Do you have reference for this? I saw this problem mentioned in the write-up on the ZINC Abstract Machine by Xavier Leroy (author of OCaml). But I don't know of other papers that talk about this.

Also I believe that most open source tools do NOT have this functionality. Look at lib2to3. It's bolted on -- not exactly a clean design. Most open source front ends are not designed for tooling like Clang is.


The ANTLR folks call it a "parse tree".


Please read the article. I specifically mention ANTLR, parse trees, and why the lossless syntax is not a parse tree / concrete syntax tree.


My source is in-person conversations with a real-life human being, and working on one of his codebases that employed the technique. If you want to look up his work, his name is Bill McKeeman. I personally have never felt compelled to find secondary sources when I had primary sources.

Edit: I'm personally not surprised that open-source codebases don't employ this technique. Lots of great PL work was done for private companies until the 90s and while lots of work was published in papers and books, precious few open-source PL communities historically drew from academia. I'm sure you know the counter-examples.


The Go library's standard AST package[1] similarly stores comments and whitespace information. It has to, since it's used by gofmt, and you wouldn't be very happy you lost comments when formatting your code.

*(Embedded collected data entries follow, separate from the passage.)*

Definition initial (e : evolution) : V := ev_vx e 0.
Definition terminal (e : evolution) : V := ev_vx e (ev_len e).

Definition ancestor (A B : V) : Prop :=
  exists e : evolution, initial e = A /\ terminal e = B.

Definition isotypic (A B : V) : Prop := ancestor A B /\ ancestor B A.

Definition primitive (A : V) : Prop :=
  forall B, ancestor B A -> isotypic B A.

Definition full_evolution (e : evolution) (X : V) : Prop :=
  primitive (initial e) /\ terminal e = X.

(* h(X) = m  (finite height); h(X) = infinity iff no m satisfies this *)
Definition has_height (X : V) (m : nat) : Prop :=
  (exists e, full_evolution e X /\ ev_len e = m) /\
  (forall e, full_evolution e X -> m <= ev_len e).

Definition embeds (a b : evolution) : Prop :=
  ev_len a <= ev_len b /\
  exists r : nat -> nat,
    (forall k, k < ev_len a -> r k < r (S k)) /\
    r (ev_len a) <= ev_len b /\
    (forall k, k <= ev_len a -> isotypic (ev_vx a k) (ev_vx b (r k))).

Definition universal_evolution (e : evolution) (X : V) : Prop :=
  full_evolution e X /\ forall e', full_evolution e' X -> embeds e e'.

Definition phylogenetic_vertex (X : V) : Prop :=
  exists e, universal_evolution e X.

(* h(A) >= h(B) for every edge A -> B (with h = infinity allowed) *)
Definition monotonous : Prop :=
  forall A B, Edge A B -> forall m, has_height A m ->
    exists k, has_height B k /\ k <= m.
(* Let $(G,k)$ be an instance of PITVD, let $S\subseteq V(G)$ be such that $G-S$ is a simple (prop-int, tree)-graph, let $V_1$ be the set of vertices of the connected components of $G-S$ that contain a cycle, and fix a clique partition $\mathcal{K}$ of $G[V_1]$ obtained from a proper interval ordering. Let $C$ be a connected component of $G[V_1]$ and $\mathcal{K}_C$ the set of cliques of $\mathcal{K}$ contained in $C$. If a vertex $v\in S$ is adjacent to a vertex of each of at least $6k+5$ distinct cliques of $\mathcal{K}_C$, then $(G,k)$ is a yes-instance of PITVD if and only if $(G-v,k-1)$ is a yes-instance of PITVD.
   Context: PITVD: the input is an undirected multigraph $G$ (no self-loops) and an integer $k$; the question is whether there exists $X\subseteq V(G)$ with $|X|\le k$ such that $G-X$ is a simple graph and every connected component of $G-X$ is a proper interval graph or a tree. A simple graph is a (prop-int, tree)-graph if each component is a proper interval graph or a tree. A proper interval graph has a representation by closed unit-length intervals $I_u=[\mathrm{lp}_u,\mathrm{rp}_u]$, adjacency meaning intersection; a proper interval ordering is an ordering $v_1,\dots,v_n$ of the vertices with $\mathrm{lp}_{v_1}<\dots<\mathrm{lp}_{v_n}$. The clique partition from such an ordering is built greedily: $K_1$ consists of $v_1$ and all vertices $v_i$ whose left endpoint lies in $I_{v_1}$ (a prefix $v_1,\dots,v_i$ of the ordering); remove $K_1$ and repeat on the remaining ordered vertices to get $K_2$, and so on, giving the sequence $\mathcal{K}=(K_1,\dots,K_t)$. *)

From mathcomp Require Import all_boot all_order all_algebra.
From Stdlib Require Import ClassicalEpsilon.
Set Implicit Arguments. Unset Strict Implicit. Unset Printing Implicit Defensive.
Import Order.TTheory GRing.Theory Num.Theory.

(* A multigraph G is given by a vertex set V : {set T} over a finite type T and an
   edge-multiplicity function m : T -> T -> nat (symmetric, no self-loops).
   G - X is the multigraph (V :\: X, m), i.e. the induced sub-multigraph on V :\: X.
   All notions below are relative to a vertex set A (the induced subgraph G[A]). *)

Definition asbool (P : Prop) : bool :=
  if excluded_middle_informative P then true else false.

Section Graphs.
Variable T : finType.
Implicit Types (m : T -> T -> nat) (A C : {set T}).

Definition adj m (x y : T) : bool := 0 < m x y.

Definition simple_on A m : Prop := forall x y, x \in A -> y \in A -> m x y <= 1.

Definition rel_on A m : rel T := fun x y => [&& x \in A, y \in A & adj m x y].

Definition comp A m (x : T) : {set T} := [set y | connect (rel_on A m) x y].

Definition is_component A m C : Prop := exists2 x, x \in A & C = comp A m x.

Definition connected_on C m : Prop :=
  forall x y, x \in C -> y \in C -> connect (rel_on C m) x y.

Definition has_cycle C m : Prop :=
  exists s : seq T, [/\ 3 <= size s, uniq s, all (fun x => x \in C) s
                      & path.cycle (adj m) s].

Definition tree_on C m : Prop := C != set0 /\ connected_on C m /\ ~ has_cycle C m.

(* unit interval representation of G[C]: closed intervals [lp u, lp u + 1];
   two of them intersect iff |lp u - lp w| <= 1 *)
Definition unit_interval_rep C m (lp : T -> rat) : Prop :=
  forall x y, x \in C -> y \in C -> x != y ->
    (adj m x y <-> (`|lp x - lp y| <= 1)%R).

Definition proper_interval_on C m : Prop := exists lp, unit_interval_rep C m lp.

Definition propint_tree_graph A m : Prop :=
  simple_on A m /\
  forall C, is_component A m C -> proper_interval_on C m \/ tree_on C m.

Definition PITVD (V : {set T}) m (k : int) : Prop :=
  exists X : {set T}, [/\ X \subset V, (#|X|%:Z <= k)%R &
                         propint_tree_graph (V :\: X) m].

Definition cyclic_part A m : {set T} :=
  [set x in A | asbool (has_cycle (comp A m x) m)].

(* greedy clique partition from the proper interval ordering given by the left
   endpoints lp (restricted to the remaining vertices R): the first clique consists
   of the vertex v1 with the smallest left endpoint and all u with
   lp u \in [lp v1, lp v1 + 1], i.e. all u in R with lp u <= lp w + 1 for all w in R. *)
Fixpoint greedy_cliques (n : nat) (lp : T -> rat) (R : {set T}) : seq {set T} :=
  match n with
  | 0 => [::]
  | n'.+1 =>
      if R == set0 then [::] else
      let K := [set u in R | [forall w in R, (lp u <= lp w + 1)%R]] in
      K :: greedy_cliques n' lp (R :\: K)
  end.

Definition clique_partition (lp : T -> rat) (A : {set T}) : seq {set T} :=
  greedy_cliques #|T| lp A.

End Graphs.

From Pilot Require Import Defs.
From mathcomp Require Import all_boot all_order all_algebra.
From mathcomp Require Import zify lra.
Import Order.TTheory GRing.Theory Num.Theory.
Set Implicit Arguments. Unset Strict Implicit. Unset Printing Implicit Defensive.

(* Suppose a solution X with |X| <= k avoids v.  Choosing in each of the at least
   5(|X| + 1) cliques one neighbour of v gives a set F in which any three vertices
   with increasing left endpoints have extreme endpoints more than 1 apart, because
   greedy cliques two steps apart are.  The |X| left endpoints of X cannot meet
   every window of five consecutive elements of F, so some w0 < ... < w4 span an
   X-free range; a = w0, b = w2, c = w4 are pairwise non-adjacent neighbours of v
   in the component D of v in G - X.  If D is a proper interval graph, v, a, b, c
   form a claw.  If D is a tree, a and b are joined in the connected unit interval
   graph C through vertices whose left endpoints lie between theirs, hence outside
   X, and this path closes a cycle with v.  So every solution contains v. *)

Local Open Scope ring_scope.

Lemma sorted_window_avoiding (d : Order.disp_t) (R : orderType d) (x0 : R)
    (l p : nat) (s Y : seq R) :
  sorted <%O s -> (size Y <= p)%N -> (l.+1 * p.+1 <= size s)%N ->
  exists2 i, (i + l < size s)%N &
    {in Y, forall y, ~~ (nth x0 s i <= y <= nth x0 s (i + l))%O}.
Proof.
elim: p s Y => [|p IH] s Y s_sorted sizeY sizes.
  by exists 0%N; [lia | case: Y sizeY].
have [hitY|] := boolP (has (fun y => nth x0 s 0 <= y <= nth x0 s l)%O Y); last first.
  by move/hasPn=> freeY; exists 0%N; [lia | exact: freeY].
set Y' := [seq y <- Y | (nth x0 s l < y)%O].
have sizeY' : (size Y' <= p)%N.
  suff : (size Y' < size Y)%N by lia.
  rewrite size_filter -(count_predC (fun y => nth x0 s l < y)%O Y) -addn1 leq_add2l.
  rewrite -has_count; apply: sub_has hitY => y /andP[_] /=.
  by rewrite -leNgt.
have [||i ilt freeY'] := IH (drop l.+1 s) Y' _ sizeY'.
- exact: drop_sorted.
- by rewrite size_drop; lia.
rewrite size_drop in ilt.
exists (l.+1 + i)%N; first lia.
move=> y yY; have [yY'|] := boolP (y \in Y').
  by have := freeY' y yY'; rewrite !nth_drop addnA.
rewrite mem_filter yY andbT -leNgt => yl.
apply/negP=> /andP[+ _]; apply/negP; rewrite -ltNge.
apply: le_lt_trans yl _.
by apply: (sorted_ltn_nth lt_trans) => //; rewrite ?inE /=; lia.
Qed.

Section GreedyCliques.
Variables (T : finType) (lp : T -> rat).

Let greedy_head (R : {set T}) := [set u in R | [forall w in R, lp u <= lp w + 1]].

Lemma greedy_cliques_sub n R K : K \in greedy_cliques n lp R -> K \subset R.
Proof.
elim: n R => [|n IH] R //=; case: ifP => // _.
rewrite inE => /orP[/eqP->|/IH sKR]; first by apply/subsetP=> u; rewrite inE => /andP[].
exact: subset_trans sKR (subsetDl _ _).
Qed.

Lemma greedy_head_far R y :
  y \in R :\: greedy_head R -> exists2 w, w \in R & lp w + 1 < lp y.
Proof.
rewrite !inE => /andP[/nandP[/negP//|/forallPn[w]]].
by rewrite negb_imply -ltNge => /andP[wR ltwy] _; exists w.
Qed.

Lemma greedy_head_lt R x y :
  x \in greedy_head R -> y \in R :\: greedy_head R -> lp x < lp y.
Proof.
rewrite inE => /andP[_ /forallP headx] /greedy_head_far[w wR ltwy].
by apply: le_lt_trans ltwy; have := headx w; rewrite wR.
Qed.

Lemma mem_nth_greedy_cliques n R j y :
  y \in nth set0 (greedy_cliques n lp R) j -> y \in R.
Proof.
have [jlt|jge] := ltnP j (size (greedy_cliques n lp R)).
  exact/subsetP/greedy_cliques_sub/mem_nth.
by rewrite nth_default // inE.
Qed.

Lemma mem_nth_greedy_cliques_tail n R j y :
  y \in nth set0 (greedy_cliques n lp R) j.+1 -> y \in R :\: greedy_head R.
Proof.
case: n => [|n] /=; first by rewrite inE.
by case: ifP => _; [rewrite nth_nil inE | exact: mem_nth_greedy_cliques].
Qed.

Lemma greedy_cliques_nth_lt n R i j x y : (i < j)%N ->
  x \in nth set0 (greedy_cliques n lp R) i -> y \in nth set0 (greedy_cliques n lp R) j ->
  lp x < lp y /\ ((i.+1 < j)%N -> lp x + 1 < lp y).
Proof.
elim: n R i j => [|n IH] R i j ltij xi yj; first by rewrite nth_nil inE in xi.
case: i ltij xi => [|i] ltij xi; last first.
  case: j ltij yj => [|j] // ltij; move: xi => /=.
  by case: ifP => _; [rewrite nth_nil inE | exact: IH].
have yR : y \in R :\: greedy_head R.
  by case: j ltij yj => [|j] // _; apply: mem_nth_greedy_cliques_tail.
have headx : x \in greedy_head R by move: xi => /=; case: ifP => _; rewrite ?inE.
split=> [|lt1j]; first exact: greedy_head_lt headx yR.
case: j ltij yj lt1j {yR} => [|[|j]] // _ + _ => /=.
case: ifP => _; first by rewrite nth_nil inE.
move/mem_nth_greedy_cliques_tail/greedy_head_far => [w wR ltwy].
by apply: lt_trans ltwy; rewrite ltrD2r; exact: greedy_head_lt headx wR.
Qed.

Definition unit_spread (F : {set T}) : Prop :=
  {in F & &, forall x y z, lp x < lp y -> lp y < lp z -> lp x + 1 < lp z}.

Variables (n : nat) (R : {set T}).
Let L := greedy_cliques n lp R.

Lemma greedy_cliques_index_le K1 K2 x y : K1 \in L -> K2 \in L ->
  x \in K1 -> y \in K2 -> lp y <= lp x -> (index K2 L <= index K1 L)%N.
Proof.
move=> K1L K2L xK1 yK2 leyx; rewrite leqNgt; apply/negP => lt12.
have [] := @greedy_cliques_nth_lt n R _ _ x y lt12; rewrite ?nth_index //.
by rewrite ltNge leyx.
Qed.

Lemma greedy_cliques_transversal (H : {set {set T}}) (N : pred T) :
  {subset H <= L} -> {in H, forall K : {set T}, [exists u in K, N u]} ->
  exists F : {set T}, [/\ #|F| = #|H|, F \subset cover H, {subset F <= N},
                         {in F &, injective lp} & unit_spread F].
Proof.
move=> HL HN; have [->|[K0 K0H]] := set_0Vmem H.
  by exists set0; split; rewrite ?cards0 ?sub0set // => x; rewrite inE.
have [x0 _] := existsP (HN K0 K0H).
pose f (K : {set T}) := odflt x0 [pick u in K | N u].
have fK K : K \in H -> f K \in K /\ N (f K).
  move=> KH; rewrite /f; case: pickP => [u /andP[]//|noN].
  by have /existsP[u /andP[uK Nu]] := HN K KH; have := noN u; rewrite uK Nu.
have index_f K1 K2 : K1 \in H -> K2 \in H ->
    lp (f K2) <= lp (f K1) -> (index K2 L <= index K1 L)%N.
  by move=> K1H K2H; apply: greedy_cliques_index_le (fK _ K1H).1 (fK _ K2H).1; apply: HL.
have nth_index_f K : K \in H -> nth set0 L (index K L) = K.
  by move=> KH; rewrite nth_index ?HL.
have index_f_lt K1 K2 : K1 \in H -> K2 \in H ->
    lp (f K1) < lp (f K2) -> (index K1 L < index K2 L)%N.
  move=> K1H K2H lt12; rewrite ltn_neqAle index_f ?ltW // andbT.
  apply: contraTneq lt12 => /(congr1 (nth set0 L)).
  by rewrite !nth_index_f // => ->; rewrite ltxx.
have eq_f K1 K2 : K1 \in H -> K2 \in H -> lp (f K1) = lp (f K2) -> K1 = K2.
  move=> K1H K2H e; rewrite -(nth_index_f K1) // -(nth_index_f K2) //.
  by congr nth; apply/anti_leq; rewrite !index_f // e.
exists (f @: H); split.
- by apply: card_in_imset => K1 K2 K1H K2H e; apply: eq_f; rewrite ?e.
- apply/subsetP => _ /imsetP[K KH ->]; apply/bigcupP.
  by exists K => //; exact: (fK K KH).1.
- by move=> _ /imsetP[K KH ->]; exact: (fK K KH).2.
- by move=> _ _ /imsetP[K1 K1H ->] /imsetP[K2 K2H ->] /(eq_f _ _ K1H K2H) ->.
move=> _ _ _ /imsetP[K1 K1H ->] /imsetP[K2 K2H ->] /imsetP[K3 K3H ->] lt12 lt23.
have [i12 i23] := (index_f_lt _ _ K1H K2H lt12, index_f_lt _ _ K2H K3H lt23).
have := @greedy_cliques_nth_lt n R _ _ (f K1) (f K3) (ltn_trans i12 i23).
rewrite -/L !nth_index_f // => /(_ (fK _ K1H).1 (fK _ K3H).1) [_]; apply.
exact: leq_ltn_trans i23.
Qed.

[1] https://golang.org/pkg/go/ast/


Unfortunately, most people agree that the ast package is a mess. It isn't used by the actual compiler. There is some talk of eventually deprecating it and publishing the internal ast/parser/type-checker packages.


I think calling it a "mess" is hyperbole, but yes, it's true that it has shortcomings and may be deprecated and replaced.


I've used it before for a tool that transforms code that throws away an error code to code that takes the error code and panics if not nil.

https://github.com/placeybordeaux/panic-attack

The package works fine, but I can't say it was fun to work with.


If I remember correctly rust-fmt deals with comments without them being explicitly part of the ast. Sure creates more work though


IDEs like IntelliJ need to do this as they support all sorts of transformations (refactorings) while preserving the original source code as much as possible. Their syntax trees must also handle errors, as they need to work robustly in the editor while the user is typing or otherwise has syntax errors. IntelliJ can even perform refactorings while the code has syntax or semantic errors.

See this for more details: http://www.jetbrains.org/intellij/sdk/docs/basics/architectu...


The Roslyn compiler (C#) stores "syntax trivia" as properties of the AST nodes they appear near. Whitespace and comments are considered trivia.



Thank you, this kind of design doc is exactly what I was looking for. I'm not really familiar with Microsoft's ecosystem, but I mentioned it in the blog post because I suspected that they had the most advanced technology in this domain.

From that doc, which I plan to read thoroughly:

This enables the second attribute of syntax trees. A syntax tree obtained from the parser is completely round-trippable back to the text it was parsed from. From any syntax node, it is possible to get the text representation of the sub-tree rooted at that node.

This is true with my representation too, but I don't actually attach "trivia" to trees. Instead I just have every node store a bunch of span IDs. And then if you want to reconstruct the text, then you just take min(span_ids of node) and max(span_ids of node) and then concatenate those spans.

I also think the name "lossless syntax tree" makes sense, because they are describing very specific properties that ASTs and CSTs / parse trees don't have.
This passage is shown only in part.